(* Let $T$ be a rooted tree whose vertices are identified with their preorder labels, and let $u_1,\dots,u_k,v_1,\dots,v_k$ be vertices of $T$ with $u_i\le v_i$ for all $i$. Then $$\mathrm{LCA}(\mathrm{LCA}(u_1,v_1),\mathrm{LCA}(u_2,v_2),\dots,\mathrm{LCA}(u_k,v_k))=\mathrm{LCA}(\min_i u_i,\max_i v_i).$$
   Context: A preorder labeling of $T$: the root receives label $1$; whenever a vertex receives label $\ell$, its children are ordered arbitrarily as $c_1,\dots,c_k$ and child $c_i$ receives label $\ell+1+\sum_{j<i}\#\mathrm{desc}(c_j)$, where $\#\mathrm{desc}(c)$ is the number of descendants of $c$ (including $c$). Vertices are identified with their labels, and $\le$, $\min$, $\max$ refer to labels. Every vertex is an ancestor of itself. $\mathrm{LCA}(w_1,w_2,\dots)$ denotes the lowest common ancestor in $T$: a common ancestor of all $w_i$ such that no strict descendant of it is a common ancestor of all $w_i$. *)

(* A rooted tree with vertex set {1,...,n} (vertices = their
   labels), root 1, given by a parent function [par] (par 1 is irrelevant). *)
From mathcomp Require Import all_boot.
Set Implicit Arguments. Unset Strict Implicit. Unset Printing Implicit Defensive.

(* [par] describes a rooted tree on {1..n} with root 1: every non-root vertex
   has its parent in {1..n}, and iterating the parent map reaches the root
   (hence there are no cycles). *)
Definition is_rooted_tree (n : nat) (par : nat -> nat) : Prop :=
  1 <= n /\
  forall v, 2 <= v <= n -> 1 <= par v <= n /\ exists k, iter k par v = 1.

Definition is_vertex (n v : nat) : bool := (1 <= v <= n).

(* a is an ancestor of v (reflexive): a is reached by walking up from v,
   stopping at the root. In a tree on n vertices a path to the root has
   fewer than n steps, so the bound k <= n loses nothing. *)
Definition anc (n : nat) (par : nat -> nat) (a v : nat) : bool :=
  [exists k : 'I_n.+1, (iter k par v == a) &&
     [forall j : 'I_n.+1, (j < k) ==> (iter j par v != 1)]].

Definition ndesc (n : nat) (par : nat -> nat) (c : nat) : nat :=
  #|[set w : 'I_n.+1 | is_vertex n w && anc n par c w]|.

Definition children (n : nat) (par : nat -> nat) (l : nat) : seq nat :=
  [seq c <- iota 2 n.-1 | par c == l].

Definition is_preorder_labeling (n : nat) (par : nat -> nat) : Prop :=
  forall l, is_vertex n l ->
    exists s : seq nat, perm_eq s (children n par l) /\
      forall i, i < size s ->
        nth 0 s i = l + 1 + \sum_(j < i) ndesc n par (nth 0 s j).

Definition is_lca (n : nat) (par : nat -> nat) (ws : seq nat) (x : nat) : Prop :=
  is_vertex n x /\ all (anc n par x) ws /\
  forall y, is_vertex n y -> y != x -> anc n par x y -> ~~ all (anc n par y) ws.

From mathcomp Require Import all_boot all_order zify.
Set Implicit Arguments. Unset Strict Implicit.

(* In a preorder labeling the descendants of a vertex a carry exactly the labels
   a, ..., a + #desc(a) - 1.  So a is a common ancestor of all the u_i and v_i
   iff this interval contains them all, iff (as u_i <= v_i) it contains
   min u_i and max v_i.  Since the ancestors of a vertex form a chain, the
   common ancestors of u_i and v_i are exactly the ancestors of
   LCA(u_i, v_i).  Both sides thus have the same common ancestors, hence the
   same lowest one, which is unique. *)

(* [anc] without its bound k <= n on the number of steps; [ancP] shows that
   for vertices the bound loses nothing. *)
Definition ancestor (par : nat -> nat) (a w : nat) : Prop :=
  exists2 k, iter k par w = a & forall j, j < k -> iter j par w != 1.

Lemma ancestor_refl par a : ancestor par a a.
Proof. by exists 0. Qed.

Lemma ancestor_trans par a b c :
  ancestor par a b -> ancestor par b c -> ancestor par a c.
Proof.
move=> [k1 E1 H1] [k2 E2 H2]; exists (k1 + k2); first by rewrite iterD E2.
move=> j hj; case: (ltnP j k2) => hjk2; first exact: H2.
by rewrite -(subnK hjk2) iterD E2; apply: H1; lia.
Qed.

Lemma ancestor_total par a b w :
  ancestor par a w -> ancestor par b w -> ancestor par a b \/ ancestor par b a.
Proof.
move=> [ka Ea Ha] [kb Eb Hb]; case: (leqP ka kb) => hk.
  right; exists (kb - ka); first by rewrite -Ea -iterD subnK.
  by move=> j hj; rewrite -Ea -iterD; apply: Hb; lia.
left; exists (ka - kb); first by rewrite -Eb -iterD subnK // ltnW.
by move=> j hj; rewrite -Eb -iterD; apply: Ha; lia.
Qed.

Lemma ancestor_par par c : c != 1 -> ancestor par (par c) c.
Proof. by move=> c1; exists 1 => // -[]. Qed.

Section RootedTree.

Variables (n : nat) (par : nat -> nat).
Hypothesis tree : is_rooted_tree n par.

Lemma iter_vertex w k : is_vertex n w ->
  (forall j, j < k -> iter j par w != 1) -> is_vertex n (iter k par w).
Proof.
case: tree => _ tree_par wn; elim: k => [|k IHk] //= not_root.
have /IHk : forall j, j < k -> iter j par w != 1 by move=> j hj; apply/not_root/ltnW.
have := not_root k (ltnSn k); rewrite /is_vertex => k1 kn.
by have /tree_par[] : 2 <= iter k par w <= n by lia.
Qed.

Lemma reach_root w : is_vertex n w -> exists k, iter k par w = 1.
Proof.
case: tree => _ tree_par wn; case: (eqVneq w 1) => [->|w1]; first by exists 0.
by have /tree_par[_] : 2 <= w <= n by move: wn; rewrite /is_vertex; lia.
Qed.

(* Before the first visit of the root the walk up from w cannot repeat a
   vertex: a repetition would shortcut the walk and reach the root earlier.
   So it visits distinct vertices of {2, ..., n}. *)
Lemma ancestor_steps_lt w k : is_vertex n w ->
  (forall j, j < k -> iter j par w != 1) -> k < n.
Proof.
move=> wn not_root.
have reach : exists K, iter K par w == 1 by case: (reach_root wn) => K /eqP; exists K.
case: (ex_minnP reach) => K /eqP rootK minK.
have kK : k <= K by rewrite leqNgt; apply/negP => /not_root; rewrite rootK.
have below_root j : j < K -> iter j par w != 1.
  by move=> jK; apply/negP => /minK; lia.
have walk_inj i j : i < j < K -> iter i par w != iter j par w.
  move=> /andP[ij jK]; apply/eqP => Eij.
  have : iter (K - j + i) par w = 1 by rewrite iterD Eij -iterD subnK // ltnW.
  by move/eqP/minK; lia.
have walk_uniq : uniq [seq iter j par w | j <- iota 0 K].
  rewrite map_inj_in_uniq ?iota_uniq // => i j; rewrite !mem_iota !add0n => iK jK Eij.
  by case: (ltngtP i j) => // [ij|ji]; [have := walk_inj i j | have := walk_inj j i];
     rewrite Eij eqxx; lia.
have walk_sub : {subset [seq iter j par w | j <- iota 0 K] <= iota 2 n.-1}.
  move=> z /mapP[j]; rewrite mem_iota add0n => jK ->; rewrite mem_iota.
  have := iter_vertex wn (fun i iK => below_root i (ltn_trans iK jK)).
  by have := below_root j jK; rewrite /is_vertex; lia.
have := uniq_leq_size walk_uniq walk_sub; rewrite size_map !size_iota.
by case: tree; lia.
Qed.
-=-=-
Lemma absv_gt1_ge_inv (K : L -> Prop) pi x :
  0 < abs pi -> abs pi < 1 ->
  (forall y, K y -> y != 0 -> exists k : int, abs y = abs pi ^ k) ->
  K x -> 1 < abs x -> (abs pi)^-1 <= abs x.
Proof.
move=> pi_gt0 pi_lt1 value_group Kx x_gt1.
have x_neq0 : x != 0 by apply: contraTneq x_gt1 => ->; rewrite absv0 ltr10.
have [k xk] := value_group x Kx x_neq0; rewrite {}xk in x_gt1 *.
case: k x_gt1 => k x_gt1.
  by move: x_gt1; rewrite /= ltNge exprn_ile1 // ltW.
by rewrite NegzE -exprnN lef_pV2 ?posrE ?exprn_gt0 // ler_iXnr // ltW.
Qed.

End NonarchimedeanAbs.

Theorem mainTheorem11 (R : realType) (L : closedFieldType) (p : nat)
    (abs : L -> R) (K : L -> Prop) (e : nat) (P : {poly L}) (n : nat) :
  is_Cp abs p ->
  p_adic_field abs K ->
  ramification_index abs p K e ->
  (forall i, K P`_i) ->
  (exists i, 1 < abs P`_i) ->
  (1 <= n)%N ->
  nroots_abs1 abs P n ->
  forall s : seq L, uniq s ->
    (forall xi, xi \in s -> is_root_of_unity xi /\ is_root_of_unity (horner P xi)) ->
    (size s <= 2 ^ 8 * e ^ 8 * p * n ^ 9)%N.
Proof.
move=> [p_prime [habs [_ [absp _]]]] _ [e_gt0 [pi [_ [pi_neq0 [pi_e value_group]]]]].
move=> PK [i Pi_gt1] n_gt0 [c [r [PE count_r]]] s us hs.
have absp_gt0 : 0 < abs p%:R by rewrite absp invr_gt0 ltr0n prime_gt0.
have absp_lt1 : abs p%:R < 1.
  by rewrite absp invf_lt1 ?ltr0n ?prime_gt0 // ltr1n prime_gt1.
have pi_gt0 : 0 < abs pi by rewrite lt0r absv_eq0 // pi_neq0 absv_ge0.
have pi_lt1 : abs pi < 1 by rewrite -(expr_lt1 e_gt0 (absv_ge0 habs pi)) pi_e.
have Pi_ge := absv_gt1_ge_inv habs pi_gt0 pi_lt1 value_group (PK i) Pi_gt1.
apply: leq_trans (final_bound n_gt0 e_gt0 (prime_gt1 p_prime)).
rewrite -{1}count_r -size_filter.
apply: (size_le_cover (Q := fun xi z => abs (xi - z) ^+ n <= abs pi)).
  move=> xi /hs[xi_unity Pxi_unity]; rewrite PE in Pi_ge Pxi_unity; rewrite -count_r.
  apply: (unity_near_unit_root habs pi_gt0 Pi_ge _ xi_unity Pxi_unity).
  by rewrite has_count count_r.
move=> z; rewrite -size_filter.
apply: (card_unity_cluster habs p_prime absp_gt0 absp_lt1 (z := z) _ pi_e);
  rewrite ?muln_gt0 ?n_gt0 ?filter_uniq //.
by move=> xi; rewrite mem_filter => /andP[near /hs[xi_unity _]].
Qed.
-=-=-
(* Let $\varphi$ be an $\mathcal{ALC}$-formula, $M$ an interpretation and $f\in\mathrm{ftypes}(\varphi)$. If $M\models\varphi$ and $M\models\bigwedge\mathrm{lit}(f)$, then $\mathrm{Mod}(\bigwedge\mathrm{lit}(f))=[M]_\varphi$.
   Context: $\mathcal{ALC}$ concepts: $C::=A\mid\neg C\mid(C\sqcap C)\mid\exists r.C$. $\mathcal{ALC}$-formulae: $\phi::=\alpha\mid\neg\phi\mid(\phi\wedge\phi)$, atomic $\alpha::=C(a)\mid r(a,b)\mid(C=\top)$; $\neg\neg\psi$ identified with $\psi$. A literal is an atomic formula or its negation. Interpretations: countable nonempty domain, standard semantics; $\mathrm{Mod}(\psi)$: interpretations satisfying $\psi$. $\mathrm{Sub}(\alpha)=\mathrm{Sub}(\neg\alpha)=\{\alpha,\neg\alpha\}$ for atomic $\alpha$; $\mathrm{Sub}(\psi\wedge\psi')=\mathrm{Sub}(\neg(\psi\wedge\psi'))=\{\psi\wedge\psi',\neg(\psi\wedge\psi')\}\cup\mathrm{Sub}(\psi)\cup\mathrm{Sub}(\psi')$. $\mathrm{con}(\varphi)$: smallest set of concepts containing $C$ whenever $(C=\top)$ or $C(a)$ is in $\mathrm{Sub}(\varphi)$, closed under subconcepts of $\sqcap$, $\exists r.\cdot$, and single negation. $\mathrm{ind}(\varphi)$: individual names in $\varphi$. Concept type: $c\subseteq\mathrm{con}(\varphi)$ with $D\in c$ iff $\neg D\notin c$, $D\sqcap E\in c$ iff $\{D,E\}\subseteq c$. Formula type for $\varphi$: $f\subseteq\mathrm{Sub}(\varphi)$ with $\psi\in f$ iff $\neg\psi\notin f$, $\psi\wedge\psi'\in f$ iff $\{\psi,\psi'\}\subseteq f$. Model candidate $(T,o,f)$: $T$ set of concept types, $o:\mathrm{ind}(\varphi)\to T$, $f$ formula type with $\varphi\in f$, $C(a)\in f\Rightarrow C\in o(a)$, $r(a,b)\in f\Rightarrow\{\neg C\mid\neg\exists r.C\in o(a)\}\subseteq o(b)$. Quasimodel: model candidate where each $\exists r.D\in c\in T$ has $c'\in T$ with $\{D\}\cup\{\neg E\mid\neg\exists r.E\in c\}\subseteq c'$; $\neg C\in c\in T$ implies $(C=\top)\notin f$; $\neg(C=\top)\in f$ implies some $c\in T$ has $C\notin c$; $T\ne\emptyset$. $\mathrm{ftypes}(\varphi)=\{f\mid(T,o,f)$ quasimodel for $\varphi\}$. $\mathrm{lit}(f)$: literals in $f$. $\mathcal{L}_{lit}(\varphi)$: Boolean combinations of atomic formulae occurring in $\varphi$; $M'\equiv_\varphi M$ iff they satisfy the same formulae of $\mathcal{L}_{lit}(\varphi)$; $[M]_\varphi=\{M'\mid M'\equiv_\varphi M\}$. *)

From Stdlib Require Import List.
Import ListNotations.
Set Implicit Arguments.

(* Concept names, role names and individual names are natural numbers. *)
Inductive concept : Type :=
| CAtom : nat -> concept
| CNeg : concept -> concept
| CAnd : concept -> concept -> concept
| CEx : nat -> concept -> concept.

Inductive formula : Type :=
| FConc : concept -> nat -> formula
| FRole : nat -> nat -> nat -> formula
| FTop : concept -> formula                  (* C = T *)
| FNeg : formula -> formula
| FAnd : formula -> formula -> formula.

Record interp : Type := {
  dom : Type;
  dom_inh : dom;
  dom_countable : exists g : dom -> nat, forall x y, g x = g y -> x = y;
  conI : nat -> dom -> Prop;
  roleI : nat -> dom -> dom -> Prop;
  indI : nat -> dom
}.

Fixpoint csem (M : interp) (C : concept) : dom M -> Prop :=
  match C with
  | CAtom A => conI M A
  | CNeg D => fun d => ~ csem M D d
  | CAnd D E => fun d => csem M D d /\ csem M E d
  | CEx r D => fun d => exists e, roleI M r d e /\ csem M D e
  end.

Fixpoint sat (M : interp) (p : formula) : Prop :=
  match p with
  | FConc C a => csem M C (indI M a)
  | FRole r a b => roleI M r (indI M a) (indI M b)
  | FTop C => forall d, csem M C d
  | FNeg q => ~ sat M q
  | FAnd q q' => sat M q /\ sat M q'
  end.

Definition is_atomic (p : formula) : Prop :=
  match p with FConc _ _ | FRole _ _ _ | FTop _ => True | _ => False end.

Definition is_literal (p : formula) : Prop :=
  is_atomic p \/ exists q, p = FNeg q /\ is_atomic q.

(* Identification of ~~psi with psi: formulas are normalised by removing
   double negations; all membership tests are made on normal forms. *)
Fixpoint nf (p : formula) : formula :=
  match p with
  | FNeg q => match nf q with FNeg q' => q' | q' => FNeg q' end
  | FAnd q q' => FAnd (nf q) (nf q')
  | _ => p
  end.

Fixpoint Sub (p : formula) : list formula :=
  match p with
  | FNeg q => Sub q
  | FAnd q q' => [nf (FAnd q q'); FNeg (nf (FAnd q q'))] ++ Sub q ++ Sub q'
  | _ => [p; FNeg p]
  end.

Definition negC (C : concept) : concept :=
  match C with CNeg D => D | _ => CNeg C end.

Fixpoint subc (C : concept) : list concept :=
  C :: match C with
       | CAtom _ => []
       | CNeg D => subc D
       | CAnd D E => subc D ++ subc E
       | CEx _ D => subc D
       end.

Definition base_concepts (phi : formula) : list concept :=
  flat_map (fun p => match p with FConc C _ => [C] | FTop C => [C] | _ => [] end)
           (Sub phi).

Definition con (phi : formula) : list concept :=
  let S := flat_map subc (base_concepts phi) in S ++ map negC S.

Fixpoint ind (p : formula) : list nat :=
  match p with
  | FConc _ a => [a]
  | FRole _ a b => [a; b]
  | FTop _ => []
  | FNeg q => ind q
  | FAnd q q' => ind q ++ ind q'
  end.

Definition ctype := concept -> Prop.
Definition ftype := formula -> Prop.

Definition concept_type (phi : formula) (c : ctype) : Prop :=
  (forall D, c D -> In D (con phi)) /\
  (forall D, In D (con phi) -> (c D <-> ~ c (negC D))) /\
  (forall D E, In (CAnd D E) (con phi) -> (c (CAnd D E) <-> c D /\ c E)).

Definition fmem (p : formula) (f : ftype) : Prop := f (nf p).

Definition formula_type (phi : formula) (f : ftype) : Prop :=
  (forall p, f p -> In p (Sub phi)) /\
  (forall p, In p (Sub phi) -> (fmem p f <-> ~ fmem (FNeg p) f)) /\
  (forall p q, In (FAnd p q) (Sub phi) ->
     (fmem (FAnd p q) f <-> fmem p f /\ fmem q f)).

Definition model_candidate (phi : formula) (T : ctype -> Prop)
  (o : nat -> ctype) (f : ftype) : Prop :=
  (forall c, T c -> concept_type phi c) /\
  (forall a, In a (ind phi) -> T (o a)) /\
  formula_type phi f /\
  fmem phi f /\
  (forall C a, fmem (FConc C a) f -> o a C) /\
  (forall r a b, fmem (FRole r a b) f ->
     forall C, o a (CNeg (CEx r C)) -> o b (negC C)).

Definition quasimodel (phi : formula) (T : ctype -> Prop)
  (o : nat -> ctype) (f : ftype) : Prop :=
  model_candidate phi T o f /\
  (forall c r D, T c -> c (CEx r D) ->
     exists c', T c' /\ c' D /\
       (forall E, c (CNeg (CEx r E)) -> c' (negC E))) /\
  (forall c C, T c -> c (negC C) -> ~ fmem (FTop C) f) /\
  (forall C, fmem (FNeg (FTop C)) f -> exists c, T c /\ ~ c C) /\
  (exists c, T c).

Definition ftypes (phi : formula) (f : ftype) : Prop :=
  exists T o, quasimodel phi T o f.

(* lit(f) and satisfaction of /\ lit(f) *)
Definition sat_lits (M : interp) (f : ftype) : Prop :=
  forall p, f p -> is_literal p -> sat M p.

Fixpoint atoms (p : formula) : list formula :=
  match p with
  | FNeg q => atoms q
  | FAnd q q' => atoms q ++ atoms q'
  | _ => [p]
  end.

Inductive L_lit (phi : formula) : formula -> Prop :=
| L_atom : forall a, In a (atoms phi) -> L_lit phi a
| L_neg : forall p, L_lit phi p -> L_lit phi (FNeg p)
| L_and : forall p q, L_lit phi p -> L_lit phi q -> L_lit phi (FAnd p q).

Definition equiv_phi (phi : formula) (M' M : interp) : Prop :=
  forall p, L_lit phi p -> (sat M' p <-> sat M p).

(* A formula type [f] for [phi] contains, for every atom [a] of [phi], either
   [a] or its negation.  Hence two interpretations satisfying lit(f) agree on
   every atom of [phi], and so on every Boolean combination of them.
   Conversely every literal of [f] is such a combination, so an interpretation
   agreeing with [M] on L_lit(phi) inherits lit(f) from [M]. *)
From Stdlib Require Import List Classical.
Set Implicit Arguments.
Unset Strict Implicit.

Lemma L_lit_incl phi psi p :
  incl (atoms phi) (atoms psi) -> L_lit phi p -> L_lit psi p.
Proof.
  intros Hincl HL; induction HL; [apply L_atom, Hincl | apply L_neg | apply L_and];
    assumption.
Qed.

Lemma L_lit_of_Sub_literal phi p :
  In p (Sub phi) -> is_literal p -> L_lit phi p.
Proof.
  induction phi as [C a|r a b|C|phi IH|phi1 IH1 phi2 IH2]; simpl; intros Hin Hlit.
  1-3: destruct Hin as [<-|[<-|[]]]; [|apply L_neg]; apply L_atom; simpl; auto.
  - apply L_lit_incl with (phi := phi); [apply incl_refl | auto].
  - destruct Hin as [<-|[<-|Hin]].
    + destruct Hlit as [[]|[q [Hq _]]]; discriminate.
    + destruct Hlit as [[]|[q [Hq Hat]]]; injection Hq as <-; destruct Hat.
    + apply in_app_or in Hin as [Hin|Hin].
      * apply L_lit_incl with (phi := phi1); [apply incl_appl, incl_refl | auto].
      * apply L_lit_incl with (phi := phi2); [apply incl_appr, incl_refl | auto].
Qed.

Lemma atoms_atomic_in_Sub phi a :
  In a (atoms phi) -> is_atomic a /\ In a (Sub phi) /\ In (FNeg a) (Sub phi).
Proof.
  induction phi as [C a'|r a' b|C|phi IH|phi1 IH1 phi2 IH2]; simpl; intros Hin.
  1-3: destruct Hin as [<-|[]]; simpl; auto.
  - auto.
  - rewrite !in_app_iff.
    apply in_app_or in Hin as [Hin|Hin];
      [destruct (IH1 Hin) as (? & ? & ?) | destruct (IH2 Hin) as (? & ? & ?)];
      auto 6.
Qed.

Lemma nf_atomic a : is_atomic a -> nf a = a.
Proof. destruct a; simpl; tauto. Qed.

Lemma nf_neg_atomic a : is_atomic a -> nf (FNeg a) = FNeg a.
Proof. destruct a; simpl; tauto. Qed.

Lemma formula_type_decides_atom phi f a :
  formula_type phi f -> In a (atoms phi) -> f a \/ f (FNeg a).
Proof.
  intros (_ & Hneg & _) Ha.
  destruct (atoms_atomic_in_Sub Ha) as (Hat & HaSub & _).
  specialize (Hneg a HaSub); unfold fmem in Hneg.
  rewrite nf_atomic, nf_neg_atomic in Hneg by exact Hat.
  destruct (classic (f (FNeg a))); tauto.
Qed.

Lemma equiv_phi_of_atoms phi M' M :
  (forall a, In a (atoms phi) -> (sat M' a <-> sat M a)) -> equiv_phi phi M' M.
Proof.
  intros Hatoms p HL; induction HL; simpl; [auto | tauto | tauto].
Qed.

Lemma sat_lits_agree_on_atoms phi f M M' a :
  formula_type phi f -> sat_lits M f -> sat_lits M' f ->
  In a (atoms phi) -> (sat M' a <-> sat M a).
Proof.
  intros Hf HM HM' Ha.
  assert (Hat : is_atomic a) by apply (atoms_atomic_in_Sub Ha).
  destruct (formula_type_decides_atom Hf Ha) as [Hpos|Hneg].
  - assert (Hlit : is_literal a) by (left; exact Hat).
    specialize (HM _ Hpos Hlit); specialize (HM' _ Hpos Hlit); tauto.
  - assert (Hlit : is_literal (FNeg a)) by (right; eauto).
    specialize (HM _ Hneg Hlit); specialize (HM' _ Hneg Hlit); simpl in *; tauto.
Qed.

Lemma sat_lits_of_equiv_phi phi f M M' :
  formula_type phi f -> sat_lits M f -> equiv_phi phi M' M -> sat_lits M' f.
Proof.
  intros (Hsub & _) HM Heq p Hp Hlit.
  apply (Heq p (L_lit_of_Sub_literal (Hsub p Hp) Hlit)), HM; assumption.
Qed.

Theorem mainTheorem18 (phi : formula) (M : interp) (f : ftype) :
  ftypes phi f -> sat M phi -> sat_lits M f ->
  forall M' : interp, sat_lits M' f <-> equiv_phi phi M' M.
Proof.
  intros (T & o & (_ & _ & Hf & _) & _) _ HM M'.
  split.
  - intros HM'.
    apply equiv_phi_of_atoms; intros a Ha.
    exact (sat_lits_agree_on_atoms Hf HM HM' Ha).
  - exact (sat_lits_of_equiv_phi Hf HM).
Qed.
-=-=-
Problem to work on
Count of lines in the data above that contain the string "intros": give this number and no other words.

Task answer
10